▶ **Entries shown**:
···

(* Let $n\ge 2$ and let $u\in C^4$ be a $2$-convex solution of $\sigma_2(D^2u)=1$ on an open set in $\mathbb{R}^n$. At any point where $D^2u$ is diagonal with $u_{11}\ge u_{22}\ge\cdots\ge u_{nn}$, one has $$-\sum_{i\neq j}u_{ii1}u_{jj1}\ \ge\ \frac{2(n-1)\,u_{111}^2}{(n-1)u_{11}^2+2(n-2)}.$$
   Context: Subscripts denote partial derivatives, e.g. $u_{ij1}=\partial^3u/\partial x_i\partial x_j\partial x_1$. $\sigma_2(D^2u)$ is the second elementary symmetric function of the eigenvalues of $D^2u$. A function is $2$-convex if the eigenvalues $\lambda$ of its Hessian satisfy $\sigma_1(\lambda)>0$, $\sigma_2(\lambda)>0$ everywhere. *)

From mathcomp Require Import all_boot.
From Stdlib Require Import Reals.
Set Implicit Arguments. Unset Strict Implicit. Unset Printing Implicit Defensive.

Open Scope R_scope.

Definition pt (n : nat) := 'I_n -> R.

Definition upd (n : nat) (x : pt n) (i : 'I_n) (t : R) : pt n :=
  fun j => if j == i then t else x j.

Definition near (n : nat) (x y : pt n) (d : R) : Prop :=
  forall j : 'I_n, Rabs (y j - x j) < d.

Definition is_open (n : nat) (U : pt n -> Prop) : Prop :=
  forall x, U x -> exists d, 0 < d /\ forall y, near x y d -> U y.

Definition cont_on (n : nat) (f : pt n -> R) (U : pt n -> Prop) : Prop :=
  forall x, U x -> forall eps, 0 < eps ->
    exists d, 0 < d /\ forall y, U y -> near x y d -> Rabs (f y - f x) < eps.

Definition is_partial (n : nat) (f : pt n -> R) (i : 'I_n) (g : pt n -> R)
  (U : pt n -> Prop) : Prop :=
  forall x, U x -> derivable_pt_lim (fun t => f (upd x i t)) (x i) (g x).

Fixpoint Ck (n : nat) (k : nat) (f : pt n -> R) (U : pt n -> Prop) : Prop :=
  cont_on f U /\
  match k with
  | O => True
  | S k' => forall i : 'I_n, exists g, is_partial f i g U /\ Ck k' g U
  end.

(* sigma_1 and sigma_2 of the eigenvalues of a square matrix A, written as
   the trace and the sum of principal 2x2 minors respectively. *)
Definition sigma1 (n : nat) (A : 'I_n -> 'I_n -> R) : R :=
  \big[Rplus/0]_(i < n) A i i.

Definition sigma2 (n : nat) (A : 'I_n -> 'I_n -> R) : R :=
  \big[Rplus/0]_(i < n) \big[Rplus/0]_(j < n | ltn i j)
     (A i i * A j j - A i j * A j i).

From HB Require Import structures.
From mathcomp Require Import all_boot.
From Stdlib Require Import Reals Lra FunctionalExtensionality.
Set Implicit Arguments.
Unset Strict Implicit.
Open Scope R_scope.

(* Let lambda_i = u_ii and a_i = u_ii1 at the point.  Differentiating
   sigma_2(D^2 u) = 1 in x_1 gives sum_i a_i (sigma_1 - lambda_i) = 0, and the
   equation itself gives sigma_1^2 - sum_i lambda_i^2 = 2.  Since
   -sum_(i<>j) a_i a_j = sum_i a_i^2 - (sum_i a_i)^2, the bound follows by
   expanding 0 <= sum_i (a_i + p + k lambda_i + r delta_i1)^2 with these two
   constraints and choosing the multipliers p, k, r optimally. *)

HB.instance Definition _ :=
  Monoid.isComLaw.Build R 0 Rplus (fun a b c => esym (Rplus_assoc a b c)) Rplus_comm Rplus_0_l.
HB.instance Definition _ := Monoid.isMulLaw.Build R 0 Rmult Rmult_0_l Rmult_0_r.
HB.instance Definition _ := Monoid.isAddLaw.Build R Rmult Rplus Rmult_plus_distr_r Rmult_plus_distr_l.

Local Notation "\sum_ ( i < n ) F" := (\big[Rplus/0]_(i < n) F) : R_scope.
Local Notation "\sum_ ( i < n | P ) F" := (\big[Rplus/0]_(i < n | P) F) : R_scope.

Section RealSums.
Variable n : nat.
Implicit Types (a b : 'I_n -> R) (F : 'I_n -> 'I_n -> R).

Lemma sumR_const (c : R) : \sum_(i < n) c = INR n * c.
Proof.
rewrite big_const_ord; elim: n => [|m IH]; first by rewrite /=; ring.
by rewrite iterS IH S_INR; ring.
Qed.

Lemma sumR_pred1 (i1 : 'I_n) (G : 'I_n -> R) :
  \sum_(i < n) (if i == i1 then G i else 0) = G i1.
Proof. by rewrite -big_mkcond big_pred1_eq. Qed.

Lemma sumR_ge0 a : (forall i, 0 <= a i) -> 0 <= \sum_(i < n) a i.
Proof. by move=> a_ge0; elim/big_rec: _ => [|i s _ s_ge0]; [lra | have := a_ge0 i; lra]. Qed.

Lemma sumR_offdiag_mul a b :
  \sum_(i < n) \sum_(j < n | i != j) a i * b j =
  (\sum_(i < n) a i) * (\sum_(i < n) b i) - \sum_(i < n) a i * b i.
Proof.
have -> : (\sum_(i < n) a i) * (\sum_(i < n) b i) =
          \sum_(i < n) (a i * b i + \sum_(j < n | i != j) a i * b j).
  rewrite big_distrl; apply: eq_bigr => i _ /=.
  rewrite (bigD1 i) //= Rmult_plus_distr_l big_distrr /=.
  by congr (_ + _); apply: eq_bigl => j; rewrite eq_sym.
by rewrite big_split /=; ring.
Qed.

Lemma sumR_lt_pairs F :
  \sum_(i < n) \sum_(j < n | ltn i j) (F i j + F j i) =
  \sum_(i < n) \sum_(j < n | i != j) F i j.
Proof.
have swap : \sum_(i < n) \sum_(j < n | ltn i j) F j i =
            \sum_(i < n) \sum_(j < n | ltn j i) F i j.
  rewrite (eq_bigr (fun i : 'I_n => \sum_(j < n) if ltn i j then F j i else 0));
    last by move=> i _; rewrite big_mkcond.
  by rewrite exchange_big /=; apply: eq_bigr => i _; rewrite [RHS]big_mkcond.
rewrite (eq_bigr _ (fun i _ => big_split _ _ _ _ _)) big_split /= swap -big_split /=.
apply: eq_bigr => i _.
rewrite [RHS](bigID (fun j : 'I_n => ltn i j)) /=.
by congr (_ + _); apply: eq_bigl => j; rewrite -(inj_eq val_inj) /=; case: ltngtP.
Qed.


Lemma sumR_sq_shift (a l : 'I_n -> R) (i1 : 'I_n) (p k r : R) :
  \sum_(i < n) (a i + p + k * l i + (if i == i1 then r else 0)) ^ 2 =
  \sum_(i < n) a i ^ 2 + INR n * p ^ 2 + k ^ 2 * \sum_(i < n) l i ^ 2 + r ^ 2
  + 2 * p * \sum_(i < n) a i + 2 * k * \sum_(i < n) a i * l i + 2 * r * a i1
  + 2 * p * k * \sum_(i < n) l i + 2 * p * r + 2 * k * r * l i1.
Proof.
have expand i : (a i + p + k * l i + (if i == i1 then r else 0)) ^ 2 =
  a i ^ 2 + p ^ 2 + k ^ 2 * l i ^ 2 + 2 * p * a i + 2 * k * (a i * l i)
  + 2 * p * k * l i
  + (if i == i1 then r ^ 2 + 2 * r * a i + 2 * p * r + 2 * k * r * l i else 0).
  by case: (i == i1); ring.
rewrite (eq_bigr _ (fun i _ => expand i)) !big_split /= sumR_pred1 sumR_const.
by rewrite -!big_distrr /=; ring.
Qed.

End RealSums.

Lemma ltn_ord_neq n (i j : 'I_n) : ltn i j -> i <> j.
Proof. by move=> lt_ij eq_ij; move: lt_ij; rewrite eq_ij /ltn /= ltnn. Qed.

Lemma sigma2_diag n (A : 'I_n -> 'I_n -> R) :
  (forall i j, i <> j -> A i j = 0) ->
  2 * sigma2 A = sigma1 A ^ 2 - \sum_(i < n) A i i ^ 2.
Proof.
move=> A_diag; rewrite /sigma2 /sigma1 big_distrr.
rewrite (eq_bigr (fun i : 'I_n => \sum_(j < n | ltn i j) (A i i * A j j + A j j * A i i))); last first.
  move=> i _; rewrite big_distrr /=; apply: eq_bigr => j /ltn_ord_neq neq_ij.
  by rewrite (A_diag i j) // (A_diag j i); [ring | exact: not_eq_sym].
rewrite (sumR_lt_pairs (fun i j => A i i * A j j)) sumR_offdiag_mul.
have -> : \sum_(i < n) A i i * A i i = \sum_(i < n) A i i ^ 2.
  by apply: eq_bigr => i _; ring.
ring.
Qed.


Lemma derivable_pt_lim_big (I : Type) (r : seq I) (P : pred I)
    (F : I -> R -> R) (F' : I -> R) (t0 : R) :
  (forall i, P i -> derivable_pt_lim (F i) t0 (F' i)) ->
  derivable_pt_lim (fun t => \big[Rplus/0]_(i <- r | P i) F i t) t0
                   (\big[Rplus/0]_(i <- r | P i) F' i).
Proof.
move=> dF; elim: r => [|i r IH].
  rewrite big_nil; apply: (derivable_pt_lim_ext (fun _ => 0)).
    by move=> t; rewrite big_nil.
  exact: derivable_pt_lim_const.
rewrite big_cons.
apply: (derivable_pt_lim_ext
  (fun t => (if P i then F i t else 0) + \big[Rplus/0]_(j <- r | P j) F j t)).
  by move=> t; rewrite big_cons; case: (P i) => //; ring.
case Pi: (P i).
  exact: (derivable_pt_lim_plus (F i) _ _ _ _ (dF i Pi) IH).
rewrite -[X in derivable_pt_lim _ _ X]Rplus_0_l.
apply: (derivable_pt_lim_plus (fun _ => 0)) IH; exact: derivable_pt_lim_const.
Qed.

Lemma derivable_pt_lim_sigma2_diag n (A : 'I_n -> 'I_n -> R -> R)
    (A' : 'I_n -> 'I_n -> R) (t0 : R) :
  (forall i j, derivable_pt_lim (A i j) t0 (A' i j)) ->
  (forall i j, i <> j -> A i j t0 = 0) ->
  derivable_pt_lim (fun t => sigma2 (fun i j => A i j t)) t0
    (sigma1 A' * sigma1 (fun i j => A i j t0) - \sum_(i < n) A' i i * A i i t0).
Proof.
move=> dA A_diag.
rewrite /sigma1 -sumR_offdiag_mul -(sumR_lt_pairs (fun i j => A' i i * A j j t0)).
have -> : \sum_(i < n) \sum_(j < n | ltn i j) (A' i i * A j j t0 + A' j j * A i i t0) =
  \sum_(i < n) \sum_(j < n | ltn i j)
     (A' i i * A j j t0 + A i i t0 * A' j j - (A' i j * A j i t0 + A i j t0 * A' j i)).
  apply: eq_bigr => i _; apply: eq_bigr => j /ltn_ord_neq neq_ij.
  by rewrite (A_diag i j) // (A_diag j i); [ring | exact: not_eq_sym].
apply: derivable_pt_lim_big => i _; apply: derivable_pt_lim_big => j _.
exact: derivable_pt_lim_minus (derivable_pt_lim_mult _ _ _ _ _ (dA i i) (dA j j))
                              (derivable_pt_lim_mult _ _ _ _ _ (dA i j) (dA j i)).
Qed.

Lemma derivable_pt_lim_locally_const (f : R -> R) (t0 c d l : R) : 0 < d ->
  (forall t, Rabs (t - t0) < d -> f t = c) -> derivable_pt_lim f t0 l -> l = 0.
Proof.
move=> d_gt0 f_const df.
apply: (uniqueness_limite f t0) df _.
apply: (derivable_pt_lim_locally_ext (fun _ => c) f t0 (t0 - d) (t0 + d)); first lra.
  by move=> t t_near; rewrite f_const //; apply: Rabs_def1; lra.
exact: derivable_pt_lim_const.
Qed.

Lemma upd_id n (x : pt n) (i : 'I_n) : upd x i (x i) = x.
Proof. by apply: functional_extensionality => j; rewrite /upd; case: eqP => [->|]. Qed.

Lemma near_upd n (x : pt n) (i : 'I_n) (t d : R) : 0 < d ->
  Rabs (t - x i) < d -> near x (upd x i t) d.
Proof.
move=> d_gt0 t_near j; rewrite /upd; case: eqP => [->|_] //.
by rewrite Rminus_diag Rabs_R0.
Qed.
Lemma quadratic_form_bound (A E s f m N : R) : s <> 0 -> N <> 1 ->
  (forall p k r, 0 <= A + N * p ^ 2 + k ^ 2 * (s ^ 2 - 2) + r ^ 2 + 2 * p * E
     + 2 * k * (E * s) + 2 * r * f + 2 * p * k * s + 2 * p * r + 2 * k * r * m) ->
  2 * (N - 1) * f ^ 2 / ((N - 1) * m ^ 2 + 2 * (N - 2)) <= A - E ^ 2.
Proof.
move=> s_neq0 N_neq1 form_ge0.
have N1_neq0 : N - 1 <> 0 by lra.
set D := (N - 1) * m ^ 2 + 2 * (N - 2).
pose r := - 2 * (N - 1) * f / D.
pose p := - r / (N - 1).
pose c := E + p + r * m * s / 2.
have optimal_pr : (N - 1) * p ^ 2 + 2 * p * r + r ^ 2 * (1 + m ^ 2 / 2) + 2 * r * f
                  = - (2 * (N - 1) * f ^ 2 / D).
  (* When D = 0, division by zero makes r = p = 0 and both sides vanish. *)
  have [D0 | D_neq0] := Req_dec D 0.
    by rewrite /p /r D0 !Rdiv_0_r; field.
  by rewrite /p /r /D in D_neq0 *; field.
(* The form equals A - E^2 + [the quadratic in p, r above]
   + (E + p + k s)^2 - 2 (k - r m / 2)^2; this k kills the first square. *)
have := form_ge0 p (r * m / 2 - c / s) r.
have -> : A + N * p ^ 2 + (r * m / 2 - c / s) ^ 2 * (s ^ 2 - 2) + r ^ 2 + 2 * p * E
     + 2 * (r * m / 2 - c / s) * (E * s) + 2 * r * f + 2 * p * (r * m / 2 - c / s) * s
     + 2 * p * r + 2 * (r * m / 2 - c / s) * r * m
  = A - E ^ 2 + ((N - 1) * p ^ 2 + 2 * p * r + r ^ 2 * (1 + m ^ 2 / 2) + 2 * r * f)
    - 2 * (c / s) ^ 2.
  by rewrite /c; field.
rewrite optimal_pr; have := pow2_ge_0 (c / s); lra.
Qed.

Lemma sumR_offdiag_sq_bound n (a l : 'I_n -> R) (i1 : 'I_n) :
  n <> 1%nat -> \sum_(i < n) l i <> 0 ->
  (\sum_(i < n) l i) ^ 2 - \sum_(i < n) l i ^ 2 = 2 ->
  (\sum_(i < n) a i) * (\sum_(i < n) l i) = \sum_(i < n) a i * l i ->
  2 * (INR n - 1) * a i1 ^ 2 / ((INR n - 1) * l i1 ^ 2 + 2 * (INR n - 2))
  <= - \sum_(i < n) \sum_(j < n | i != j) a i * a j.
Proof.
move=> n_neq1 sum_l_neq0 sum_sq_l sum_al.
rewrite sumR_offdiag_mul.
have -> : \sum_(i < n) a i * a i = \sum_(i < n) a i ^ 2 by apply: eq_bigr => i _; ring.
have -> : - ((\sum_(i < n) a i) * (\sum_(i < n) a i) - \sum_(i < n) a i ^ 2) =
          \sum_(i < n) a i ^ 2 - (\sum_(i < n) a i) ^ 2 by ring.
apply: (quadratic_form_bound (s := \sum_(i < n) l i)) => // [|p k r]; first exact: not_1_INR.
rewrite sum_al (_ : _ ^ 2 - 2 = \sum_(i < n) l i ^ 2); last lra.
rewrite -(sumR_sq_shift a l i1 p k r).
by apply: sumR_ge0 => i; apply: pow2_ge_0.
Qed.

Theorem corollary2p1 (n : nat) (hn : leq 2 n)
  (U : pt n -> Prop) (hU : is_open U)
  (u : pt n -> R)
  (D1 : 'I_n -> pt n -> R)
  (D2 : 'I_n -> 'I_n -> pt n -> R)
  (D3 : 'I_n -> 'I_n -> 'I_n -> pt n -> R)
  (hC4 : Ck 4 u U)
  (hD1 : forall i, is_partial u i (D1 i) U)
  (hD2 : forall i j, is_partial (D1 i) j (D2 i j) U)
  (hD3 : forall i j k, is_partial (D2 i j) k (D3 i j k) U)
  (h2conv : forall y, U y -> 0 < sigma1 (fun i j => D2 i j y) /\
                             0 < sigma2 (fun i j => D2 i j y))
  (heq : forall y, U y -> sigma2 (fun i j => D2 i j y) = 1)
  (x : pt n) (hx : U x)
  (hdiag : forall i j : 'I_n, i <> j -> D2 i j x = 0)
  (hord : forall i j : 'I_n, leq i j -> D2 j j x <= D2 i i x)
  (i1 : 'I_n) (hi1 : nat_of_ord i1 = 0%nat) :
  - (\big[Rplus/0]_(i < n) \big[Rplus/0]_(j < n | i != j)
        (D3 i i i1 x * D3 j j i1 x))
  >= 2 * (INR n - 1) * (D3 i1 i1 i1 x) ^ 2
     / ((INR n - 1) * (D2 i1 i1 x) ^ 2 + 2 * (INR n - 2)).
Proof.
have [d [d_gt0 ball_U]] := hU x hx.
have x_diag i j : i <> j -> D2 i j (upd x i1 (x i1)) = 0 by rewrite upd_id; exact: hdiag.
have dsigma2 := derivable_pt_lim_sigma2_diag (fun i j => hD3 i j i1 x hx) x_diag.
rewrite upd_id in dsigma2.
have critical := derivable_pt_lim_locally_const d_gt0
  (fun t t_near => heq _ (ball_U _ (near_upd d_gt0 t_near))) dsigma2.
have sigma2_eq1 := sigma2_diag hdiag; rewrite heq // in sigma2_eq1.
apply: Rle_ge; apply: (sumR_offdiag_sq_bound (l := fun i => D2 i i x)).
- by move=> n1; rewrite n1 in hn.
- exact/Rgt_not_eq/(h2conv x hx).1.
- rewrite /sigma1 in sigma2_eq1; lra.
- rewrite /sigma1 in critical; lra.
Qed.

···

▶ **Directions for this task**: Using only the entries above, output the line with "apply: (derivable_pt_lim_plus (fun", the line with "(A' i i * A j j t0 + A i", and all lines between them, exactly as they stand.

▶ **Response for this exercise**:
apply: (derivable_pt_lim_plus (fun _ => 0)) IH; exact: derivable_pt_lim_const.
Qed.

Lemma derivable_pt_lim_sigma2_diag n (A : 'I_n -> 'I_n -> R -> R)
    (A' : 'I_n -> 'I_n -> R) (t0 : R) :
  (forall i j, derivable_pt_lim (A i j) t0 (A' i j)) ->
  (forall i j, i <> j -> A i j t0 = 0) ->
  derivable_pt_lim (fun t => sigma2 (fun i j => A i j t)) t0
    (sigma1 A' * sigma1 (fun i j => A i j t0) - \sum_(i < n) A' i i * A i i t0).
Proof.
move=> dA A_diag.
rewrite /sigma1 -sumR_offdiag_mul -(sumR_lt_pairs (fun i j => A' i i * A j j t0)).
have -> : \sum_(i < n) \sum_(j < n | ltn i j) (A' i i * A j j t0 + A' j j * A i i t0) =
  \sum_(i < n) \sum_(j < n | ltn i j)
     (A' i i * A j j t0 + A i i t0 * A' j j - (A' i j * A j i t0 + A i j t0 * A' j i)).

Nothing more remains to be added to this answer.